We’ve addressed issues surrounding for-profit college scams in the past. There’s also the issue of rising college costs in general, and also the opportunities for self-education for free.

Here’s an excellent article that gives great advice on how to evaluate online courses and degrees. It’s important to use objective resources and guides.

You don’t mention whether you’ve already tried Googling, say, “online degree programs,” but, if so, you’ve no doubt been bombarded with advertising from for-profit schools. The University of Phoenix alone spends over $200 million a year on television and Internet pitches, according to an estimate from Madison Avenue trade paper Ad Age. Nothing wrong with advertising, of course, but in some respects it does make the process of choosing the right online school more difficult.

Here’s why: more than 7,000 U.S. colleges and universities now offer long-distance degree programs — and about 85% of those are traditional brick-and-mortar schools that have expanded into cyberspace over the past few years. Yet traditional colleges don’t have the marketing budgets that the huge for-profit schools have. So unless you actively seek out brick-and-mortar schools’ online offerings, you may never know they exist.

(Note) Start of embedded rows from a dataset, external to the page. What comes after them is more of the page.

(* Walking along W from a set Z inserts and deletes elements according to the
   labels; the result [run Z W] is decided by the last reference of W to each
   element ([runP]), and walks of dec(G) are exactly walks of G together with
   this replay ([dec_path_proj], [dec_trace]).

   A sink node (v, X) has a certificate: walk around all of G,
   then come back to (v, X) inside its component ([sink_cert_tail]).  Any
   walk shrinks, keeping its endpoints and last references, to at most n
   steps per element it refers to ([shorten_walk]), so certificates of length
   n^2 exist.  A simple path to v followed by a certificate of (v, Y) leads in
   dec(G) from any node to (v, Y) ([reach_cert]), which bounds the diameter
   and shows that certified nodes lie in the sink ([cert_tail_sink]).

   Sweeping from the
   middle outwards certifies (mid, T) for every T of 1..m-1 ([sweep_cert]).
   In a certificate of (mid, Y) the last references to 1, ..., m-1 alternate
   sides at growing distances from the middle, forcing (m-1)^2 steps
   ([zigzag]); a walk of dec(P) from (mid, {}) to (mid, Y), preceded by a
   sweep deleting everything, projects to such a certificate. *)

Section Replay.
Variables (V U : finType) (lab : V -> bool) (elt : V -> U).

Definition upd (Z : {set U}) (w : V) : {set U} :=
  if lab w then elt w |: Z else Z :\ elt w.

Definition run (Z : {set U}) (t : seq V) : {set U} := foldl upd Z t.

Lemma last_ref_cons (w : V) (t : seq V) (x : U) :
  last_ref elt (w :: t) x =
  if last_ref elt t x is Some y then Some y else if elt w == x then Some w else None.
Proof.
rewrite /last_ref /=; case: ifP => _; last by case: (rev _).
by rewrite rev_cons -cats1; case: (rev _).
Qed.

Lemma last_ref_cat (t1 t2 : seq V) (x : U) :
  last_ref elt (t1 ++ t2) x =
  if last_ref elt t2 x is Some y then Some y else last_ref elt t1 x.
Proof. by rewrite /last_ref filter_cat rev_cat; case: (rev _). Qed.

Lemma last_refP (t : seq V) (x : U) : (last_ref elt t x != None) = has (fun w => elt w == x) t.
Proof.
elim: t => [|w t IH] //=; rewrite last_ref_cons.
by case: (last_ref elt t x) IH => [y|] /= <-; rewrite ?orbT //; case: (elt w == x).
Qed.

Lemma last_ref_mem (t : seq V) (x : U) (w : V) : last_ref elt t x = Some w -> (w \in t) && (elt w == x).
Proof.
elim: t w => [|u t IH] w //=; rewrite last_ref_cons.
case E: (last_ref elt t x) => [y|].
  by case=> <-; rewrite in_cons; case/andP: (IH _ E) => -> ->; rewrite orbT.
by case: ifP => // H [<-]; rewrite mem_head H.
Qed.

Lemma last_ref_suffix (t1 t2 : seq V) (x : U) :
  has (fun w => elt w == x) t2 -> last_ref elt (t1 ++ t2) x = last_ref elt t2 x.
Proof. by rewrite -last_refP last_ref_cat; case: (last_ref elt t2 x). Qed.

Lemma last_ref_cons_mem (a : V) (t : seq V) (x : U) : a \in t -> last_ref elt (a :: t) x = last_ref elt t x.
Proof.
move=> at_; rewrite last_ref_cons; case E: (last_ref elt t x) => [y|] //.
case: eqP => // ea; have : has (fun w => elt w == x) t by apply/hasP; exists a; rewrite ?ea.
by rewrite -last_refP E.
Qed.

Lemma last_ref_last (a : V) (t : seq V) :
  t != [::] -> last_ref elt t (elt (last a t)) = Some (last a t).
Proof.
case/lastP: t => [|t w] // _; rewrite last_rcons -cats1 last_ref_cat.
by rewrite /last_ref /= eqxx.
Qed.

Lemma split_last_ref (t : seq V) (x : U) (u : V) :
  last_ref elt t x = Some u ->
  exists t1 t2, t = t1 ++ u :: t2 /\ ~~ has (fun w => elt w == x) t2.
Proof.
elim/last_ind: t => [|t w IH] //; rewrite -cats1 last_ref_cat.
case E: (last_ref elt [:: w] x) => [y|].
  by move: E; rewrite /last_ref /=; case: ifP => // H [<-] [<-]; exists t, [::].
move=> /IH [t1 [t2 [-> H]]]; exists t1, (rcons t2 w); split.
  by rewrite -catA /= cats1.
by move: E; rewrite /last_ref /=; case: ifP => // H' _; rewrite has_rcons H' H.
Qed.

Lemma run_cat (Z : {set U}) (t1 t2 : seq V) : run Z (t1 ++ t2) = run (run Z t1) t2.
Proof. by rewrite /run foldl_cat. Qed.

Lemma runP (Z : {set U}) (t : seq V) (x : U) :
  (x \in run Z t) = if last_ref elt t x is Some w then lab w else x \in Z.
Proof.
elim/last_ind: t => [|t w IH] //; rewrite -cats1 run_cat last_ref_cat.
have -> : last_ref elt [:: w] x = if elt w == x then Some w else None.
  by rewrite /last_ref /=; case: (elt w == x).
rewrite /run /= -/(run Z t) /upd.
case H: (elt w == x); rewrite -?IH;
  by case: (lab w); rewrite ?in_setU1 ?in_setD1 eq_sym H.
Qed.

Lemma elt_univV (w : V) : elt w \in univV elt.
Proof. by apply/imsetP; exists w. Qed.

Lemma run_sub (Z : {set U}) (t : seq V) : Z \subset univV elt -> run Z t \subset univV elt.
Proof.
elim: t Z => [|w t IH] Z //= HZ; apply: IH; rewrite /upd; case: (lab w).
  by rewrite subUset sub1set elt_univV.
exact: subset_trans (subD1set _ _) HZ.
Qed.

Definition covers (t : seq V) : Prop :=
  forall x, x \in univV elt -> has (fun w => elt w == x) t.

Definition decides (t : seq V) (X : {set U}) : Prop :=
  forall x, x \in univV elt -> (x \in X <-> exists w, last_ref elt t x = Some w /\ lab w).

Lemma decides_run (Z : {set U}) (t : seq V) : covers t -> decides t (run Z t).
Proof.
move=> cov x /cov; rewrite -last_refP runP.
by case: (last_ref elt t x) => [w|] // _; split => [|[_ [[<-]]]] //; exists w.
Qed.

Lemma run_decides (Z X : {set U}) (s t : seq V) :
  covers t -> decides t X -> X \subset univV elt -> Z \subset univV elt ->
  run Z (s ++ t) = X.
Proof.
move=> cov decX XU ZU; apply/setP => x; case Ux: (x \in univV elt).
  rewrite runP last_ref_suffix ?cov //.
  have := cov x Ux; rewrite -last_refP.
  case E: (last_ref elt t x) => [w|] // _.
  apply/idP/idP => [lw|/(decX x Ux)[w1 []]]; last by rewrite E => -[<-].
  by apply/(decX x Ux); exists w.
have /subsetP runU := run_sub (s ++ t) ZU.
by apply/idP/idP => [/runU|/(subsetP XU)]; rewrite Ux.
Qed.

Lemma run_deletions (t : seq V) : all (fun w => ~~ lab w) t -> run set0 t = set0.
Proof.
elim: t => [|w t IH] //= /andP[lw /IH {2}<-]; congr run.
by apply/setP => x; rewrite /upd (negbTE lw) !inE andbF.
Qed.

End Replay.

Section DecoratedWalks.
Variables (V U : finType) (e : rel V) (lab : V -> bool) (elt : V -> U).
Local Notation dec := (dec_edge e lab elt).

Fixpoint dec_trace (Z : {set U}) (t : seq V) : seq (V * {set U}) :=
  if t is w :: t' then (w, upd lab elt Z w) :: dec_trace (upd lab elt Z w) t' else [::].

Lemma dec_trace_path (a : V) (Z : {set U}) (t : seq V) :
  dec_node elt (a, Z) -> path e a t -> path dec (a, Z) (dec_trace Z t).
Proof.
elim: t a Z => [|w t IH] a Z //= Ha /andP[eaw pt].
have Hw : dec_node elt (w, upd lab elt Z w) := (@run_sub _ _ lab elt Z [:: w] Ha).
by rewrite IH // /dec_edge Ha Hw eaw eqxx.
Qed.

“Prospective students should be wary of Internet ‘guides’ to online education that get paid to promote for-profit schools,” says Vicky Phillips. “It’s called pay-per-lead advertising, and it means the ‘guide’ gets X dollars for each person it steers to a for-profit university.” Traditional colleges don’t have such deep pockets, so thousands of them are unlikely to turn up in such directories at all.

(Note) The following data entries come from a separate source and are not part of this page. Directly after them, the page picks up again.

(* Let $z^0\in X$, $\gamma\in(0,2)$, $\delta\in[0,1/2)$, and let $\{\sigma_k\},\{\eta_k\}$ be nonnegative with $\sum_k\eta_k<\infty$, $\inf_k\sigma_k>0$; let $z^{k+1}$ be an output of IGPPAstep$(z^k,\sigma_k,\eta_k,\delta,\gamma,M)$ for all $k\ge0$. Assume $T$ satisfies the bounded metric subregularity condition, let $\bar z^0$ be a point of $\Omega$ nearest to $z^0$ in $\|\cdot\|_M$, $r\ge\|\bar z^0\|+\frac{1}{\lambda_{\min}(M)}(\operatorname{dist}_M(z^0,\Omega)+\gamma\sum_k\eta_k)$, and $\kappa_r>0$ with $\operatorname{dist}(z,\Omega)\le\kappa_r\operatorname{dist}(0,T(z))$ for $\|z\|\le r$. Let $\alpha>0$ with $\rho:=\frac{1}{1-\delta}\Big(\sqrt{1-\frac{\min\{\gamma,2\gamma-\gamma^2\}\alpha^2}{\alpha^2+1}}+\delta\big(\frac{\min\{\gamma,1\}}{\sqrt{\alpha^2+1}}+1\big)\Big)<1$ and $C:=\frac{1+\delta}{(1-\delta)(1-\sqrt{1/(\alpha^2+1)})}$. If $\sigma_k\ge\kappa_r\alpha$ for all $k\ge0$, then $\|z^{k+1}-z^k\|_M\le C\rho^k\|z^1-z^0\|_M$ for all $k\ge0$.
   Context: $X$ is a finite-dimensional real Hilbert space; $T:X\rightrightarrows X$ is maximal monotone with $\Omega:=T^{-1}(0)\neq\emptyset$. $M$ is self-adjoint positive definite with $\lambda_{\max}(M)=1$; $\|z\|_M=\sqrt{\langle z,Mz\rangle}$, $\operatorname{dist}_M(z,D)=\min_{d\in D}\|d-z\|_M$, $\operatorname{dist}=\operatorname{dist}_I$. $\mathcal{J}_{\sigma M^{-1}T}:=(I+\sigma M^{-1}T)^{-1}$. $z^+$ is an output of IGPPAstep$(z,\sigma,\eta,\delta,\gamma,M)$ if $z^+=\gamma w+(1-\gamma)z$ for some $w$ with $\|w-\mathcal{J}_{\sigma M^{-1}T}(z)\|_M\le\min\{\eta,\delta\|w-z\|_M\}$. Bounded metric subregularity: for every $r>0$ there is $\kappa_r>0$ with $\operatorname{dist}(z,\Omega)\le\kappa_r\operatorname{dist}(0,T(z))$ for all $\|z\|\le r$. *)

(* X = 'cV[R]_n (finite-dimensional real Hilbert space R^n
   with the standard inner product), R : realType. *)
From HB Require Import structures.
From mathcomp Require Import all_boot all_order all_algebra.
From mathcomp Require Import all_classical all_reals.
From mathcomp Require Import topology normedtype sequences.
Set Implicit Arguments. Unset Strict Implicit. Unset Printing Implicit Defensive.
Import Order.TTheory GRing.Theory Num.Theory numFieldNormedType.Exports.
Local Open Scope ring_scope.
Local Open Scope classical_set_scope.

Section Defs.
Variables (R : realType) (n : nat).
Notation X := 'cV[R]_n.

Definition ip (u v : X) : R := (u^T *m v) 0 0.
Definition nrm (u : X) : R := Num.sqrt (ip u u).
Definition nrmM (M : 'M[R]_n) (u : X) : R := Num.sqrt (ip u (M *m u)).

(* set-valued operators are given by their graphs: T z w  <->  w \in T(z) *)
Definition monotone_op (T : X -> X -> Prop) : Prop :=
  forall z z' w w', T z w -> T z' w' -> 0 <= ip (z - z') (w - w').
Definition maximal_monotone (T : X -> X -> Prop) : Prop :=
  monotone_op T /\
  forall T' : X -> X -> Prop, monotone_op T' ->
    (forall z w, T z w -> T' z w) -> forall z w, T' z w -> T z w.

Definition zeros (T : X -> X -> Prop) : set X := [set z | T z 0].

Definition distM (M : 'M[R]_n) (z : X) (D : set X) : R :=
  inf [set nrmM M (d - z) | d in D].
Definition dist (z : X) (D : set X) : R := inf [set nrm (d - z) | d in D].

(* u = J_{sigma M^{-1} T}(z) = (I + sigma M^{-1} T)^{-1}(z),
   i.e. z \in u + sigma M^{-1} T(u) *)
Definition is_resolvent (T : X -> X -> Prop) (M : 'M[R]_n) (sigma : R)
  (z u : X) : Prop :=
  exists w, T u w /\ z = u + sigma *: (invmx M *m w).

Definition IGPPAstep (T : X -> X -> Prop) (z : X) (sigma eta delta gamma : R)
  (M : 'M[R]_n) (zp : X) : Prop :=
  exists w J, is_resolvent T M sigma z J /\
    nrmM M (w - J) <= Num.min eta (delta * nrmM M (w - z)) /\
    zp = gamma *: w + (1 - gamma) *: z.

Definition sym_posdef (M : 'M[R]_n) : Prop :=
  M^T = M /\ forall z : X, z != 0 -> 0 < ip z (M *m z).

Definition is_lambda_max (M : 'M[R]_n) (l : R) : Prop :=
  eigenvalue M l /\ forall a, eigenvalue M a -> a <= l.
Definition is_lambda_min (M : 'M[R]_n) (l : R) : Prop :=
  eigenvalue M l /\ forall a, eigenvalue M a -> l <= a.

(* bounded metric subregularity (dist(0,T(z)) = inf over w in T(z), +oo if empty) *)
Definition subreg_at (T : X -> X -> Prop) (r kappa : R) : Prop :=
  forall z w, nrm z <= r -> T z w -> dist z (zeros T) <= kappa * nrm w.
Definition bounded_metric_subregular (T : X -> X -> Prop) : Prop :=
  forall r, 0 < r -> exists kappa, 0 < kappa /\ subreg_at T r kappa.

End Defs.

From HB Require Import structures.
From mathcomp Require Import all_boot all_order all_algebra.
From mathcomp Require Import all_classical all_reals.
From mathcomp Require Import topology normedtype sequences derive.
From mathcomp Require Import ring lra.
Set Implicit Arguments. Unset Strict Implicit. Unset Printing Implicit Defensive.
Import Order.TTheory GRing.Theory Num.Theory numFieldNormedType.Exports.
Local Open Scope ring_scope.
Local Open Scope classical_set_scope.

“Not only that, but the for-profit schools have tens of thousands of students, while the online bachelor’s-in-business program at a traditional university can only accept, say, 30 at a time,” she adds. “So even if traditional colleges could afford to pay for online leads, it wouldn’t make sense for them to do so. They’re operating on an entirely different scale.”

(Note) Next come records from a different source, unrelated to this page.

Lemma twisted_cocycleB f g :
  twisted_cocycle f -> twisted_cocycle g -> twisted_cocycle (fun w => f w - g w).
Proof.
case=> f_cat f_resp [g_cat g_resp]; split=> [u v|u v uv].
  by rewrite f_cat g_cat; ring.
by rewrite (f_resp _ _ uv) (g_resp _ _ uv).
Qed.

Lemma twisted_cocycleZ s f : twisted_cocycle f -> twisted_cocycle (fun w => s * f w).
Proof.
case=> f_cat f_resp; split=> [u v|u v uv]; last by rewrite (f_resp _ _ uv).
by rewrite f_cat; ring.
Qed.

Lemma eq_twisted_cocycle f g : f =1 g -> twisted_cocycle f -> twisted_cocycle g.
Proof.
by move=> fg [f_cat f_resp]; split=> [u v|u v uv]; rewrite -!fg ?f_cat //; apply: f_resp.
Qed.

Lemma twisted_cocycle_eq_two_gens f g (j k : 'I_3) :
  twisted_cocycle f -> twisted_cocycle g -> j != k ->
  f [:: (gh, false)] = g [:: (gh, false)] ->
  f [:: (gc j, false)] = g [:: (gc j, false)] -> f [:: (gc k, false)] = g [:: (gc k, false)] ->
  forall w, f w = g w.
Proof.
move=> fP gP jk eh ej ek w; apply/eqP; rewrite -subr_eq0; apply/eqP.
have dP := twisted_cocycleB fP gP; have [_ _ prod0] := twisted_cocycle_equations dP.
apply: (crossed_eq0 (twisted_cocycle_crossed dP) _ _ w) => /=; first by rewrite eh subrr.
move=> i; apply: (@prod_equation_two_zero (fun x => f [:: (x, false)] - g [:: (x, false)]) j k);
  by rewrite //= ?ej ?ek subrr.
Qed.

Phillips has been researching and comparing online degree programs for 20 years, which is about as long as they’ve existed. She runs a consumer-information web site called GetEducated.com that you might want to check out. The site includes a comparison tool that lets you evaluate and rank schools using 12 different filters. These include type of specialization in your major (business with a minor in finance, for instance); non-profit versus for-profit; secular versus religious (many Christian colleges now offer long-distance learning); and whether the school’s programs are 100% online or “hybrids,” meaning you’ll have to show up in person several times per semester.

There are tons of great options for online education, both free and those that require payments. You just have to do your research and find the solution that’s best for you. Just be careful of any program where you will end up with loads of college debt.

  

Some regulations on for-profit-colleges struck down

It was a pretty technical decision, but a court has struck down some of the regulations put in place by the Obama administration to regulation the for-profit-college industry. This is problematic as many of these colleges are loading up students with a ton of debt, while their degrees don’t get them a job. We’ve also seen some pretty shady practices in recruiting students to these schools. Unfortunately, there are far too many for-profit college scams out there.

This unfortunately tarnishes those colleges that provide good training for students. Hopefully the media attention will make students more selective, but the problem is that these schools are playing with our money, as the taxpayers help fund these student loans. We need more accountability and the court just made it more difficult.

  

New Rules are out for for-profit colleges

We’ve been highlighting some of the troubling news stories about for-profit college scams, and we’ve welcomed the notion of new rules governing the industry.

The new rules from the Obama administration are out, but they’ve been scaled back a bit from the initial proposed rules.

The Obama administration on Thursday issued a series of highly anticipated regulations aimed at cracking down on for-profit colleges and other career training programs that leave students saddled with unmanageable debts and contribute to an unequal share of federal student loan defaults.

The final rules issued by the Department of Education, however, are significantly less stringent than a draft version released last year, giving college programs an additional three years to come in line before possibly losing access to lucrative federal student aid dollars. The changes come after an unprecedented lobbying and campaign finance offensive over the past year by the for-profit college industry, which derives a vast majority of revenues from federal student loan and grant programs and has sought to protect that income by gaining influence in Washington.

Education Secretary Arne Duncan said the changes came after discussion with “lots and lots of different folks,” not just the industry, and he pointed out that the colleges were not unanimous in their suggestions for changes.

“What we really wanted to do was give people a chance to reform … this was not about ‘gotcha,'” Duncan said. “We tried to be very thoughtful, very reasonable and give people every opportunity to succeed, but be very clear where we wouldn’t permit ongoing failure.”

The intense lobbying campaign helped the industry, as the rules are weaker. You can check the article for the details. Lobbyist hacks like Lanny Davis did their job.

That said, this is a decent first step. It’s appropriate that the schools have a time frame to remedy problems, and this should help weed out the worst abuses.

Meanwhile, 10 states have opened a joint probe to look into the marketing practices of for-profit colleges, so we might yet see some interesting developments in this area.